Lemma Lsupsum_interpolation i d (J : {set 'I_n}) (c : nat -> 'F_p) :
  J \subset Xset n -> #|J| = i ->
  (forall k, J \subset A k -> let y := (#|A k :&: Xset n| - i)%N in
     'C(y, d)%:R = \sum_(j < d) c j * 'C(y, j)%:R) ->
  Lsupsum J (i + d) = \sum_(j < d) c j *: Lsupsum J (i + j).
Proof.
move=> sub_JX card_J interp; apply/rowP => k.
rewrite Lsupsum_entry // summxE; under eq_bigr do rewrite mxE Lsupsum_entry //.
have [sub_JA|_] := boolP (J \subset A k); last first.
  by rewrite mul0r big1 // => j _; rewrite mul0r mulr0.
by rewrite mul1r interp //; under eq_bigr do rewrite mul1r.
Qed.

Lemma Lform_mem_spanL (S : {set {set 'I_n}}) H : H \in S -> L H \in spanL p A S.
Proof. by move=> SH; apply/memv_span/map_f; rewrite mem_enum. Qed.

Lemma Lsupsum_mem_spanL lo hi q (J : {set 'I_n}) : (lo <= q < hi)%N ->
  Lsupsum J q \in spanL p A (Prange n lo hi).
Proof.
move=> q_in; apply: memv_suml => H /andP[].
rewrite inE => /andP[sub_HX /eqP card_H] _.
by apply: Lform_mem_spanL; rewrite inE sub_HX card_H.
Qed.

Lemma sum_Lform_set1_entry (S : {set 'I_n}) k :
  (\sum_(x in S) L [set x]) 0 k = #|S :&: A k|%:R.
Proof.
rewrite summxE; under eq_bigr do rewrite mxE sub1set.
rewrite -sum1_card natr_sum big_mkcond [RHS]big_mkcond; apply: eq_bigr => x _.
by rewrite in_setI; case: (x \in S); case: (x \in A k).
Qed.

(* |A k| = |A k :&: X| + e with e <= 1 (only one point of [n] lies outside X),
   so y = |A k :&: X| - i is congruent mod p to t - i - e for some t in K. *)
Definition residue_shifts (K : {set 'I_p}) (i : nat) : seq 'F_p :=
  [seq (nat_of_ord t)%:R - (i + e)%:R | t <- enum K, e <- iota 0 2].

Lemma size_residue_shifts (K : {set 'I_p}) i :
  size (residue_shifts K i) = (2 * #|K|)%N.
Proof. by rewrite size_allpairs size_iota cardE mulnC. Qed.

Lemma residue_shifts_root (K : {set 'I_p}) i k :
  (exists2 x : 'I_p, x \in K & nat_of_ord x = (#|A k| %% p)%N) ->
  (i <= #|A k :&: Xset n|)%N ->
  \prod_(t <- residue_shifts K i) ((#|A k :&: Xset n| - i)%:R - t) = 0.
Proof.
move=> [x Kx x_res] le_i; set e := #|A k :\: Xset n|.
have le_e1 : (e <= 1)%N.
  by apply: leq_trans (card_setCX n); rewrite subset_leq_card // setDE subsetIr.
have card_A : #|A k| = (#|A k :&: Xset n| - i + (i + e))%N.
  by rewrite -(cardsID (Xset n)) addnA subnK.
apply/eqP; rewrite prodf_seq_eq0; apply/hasP; exists ((x : nat)%:R - (i + e)%:R).
  by apply: allpairs_f; rewrite ?mem_enum // mem_iota.
by rewrite x_res Fp_nat_mod // card_A natrD addrK subrr.
Qed.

How to complete this task: Beginning with the line that holds "move=> [x Kx" and ending with the last line of the listing, output every line exactly. Leave out everything else.

Reply:
move=> [x Kx x_res] le_i; set e := #|A k :\: Xset n|.
have le_e1 : (e <= 1)%N.
  by apply: leq_trans (card_setCX n); rewrite subset_leq_card // setDE subsetIr.
have card_A : #|A k| = (#|A k :&: Xset n| - i + (i + e))%N.
  by rewrite -(cardsID (Xset n)) addnA subnK.
apply/eqP; rewrite prodf_seq_eq0; apply/hasP; exists ((x : nat)%:R - (i + e)%:R).
  by apply: allpairs_f; rewrite ?mem_enum // mem_iota.
by rewrite x_res Fp_nat_mod // card_A natrD addrK subrr.
Qed.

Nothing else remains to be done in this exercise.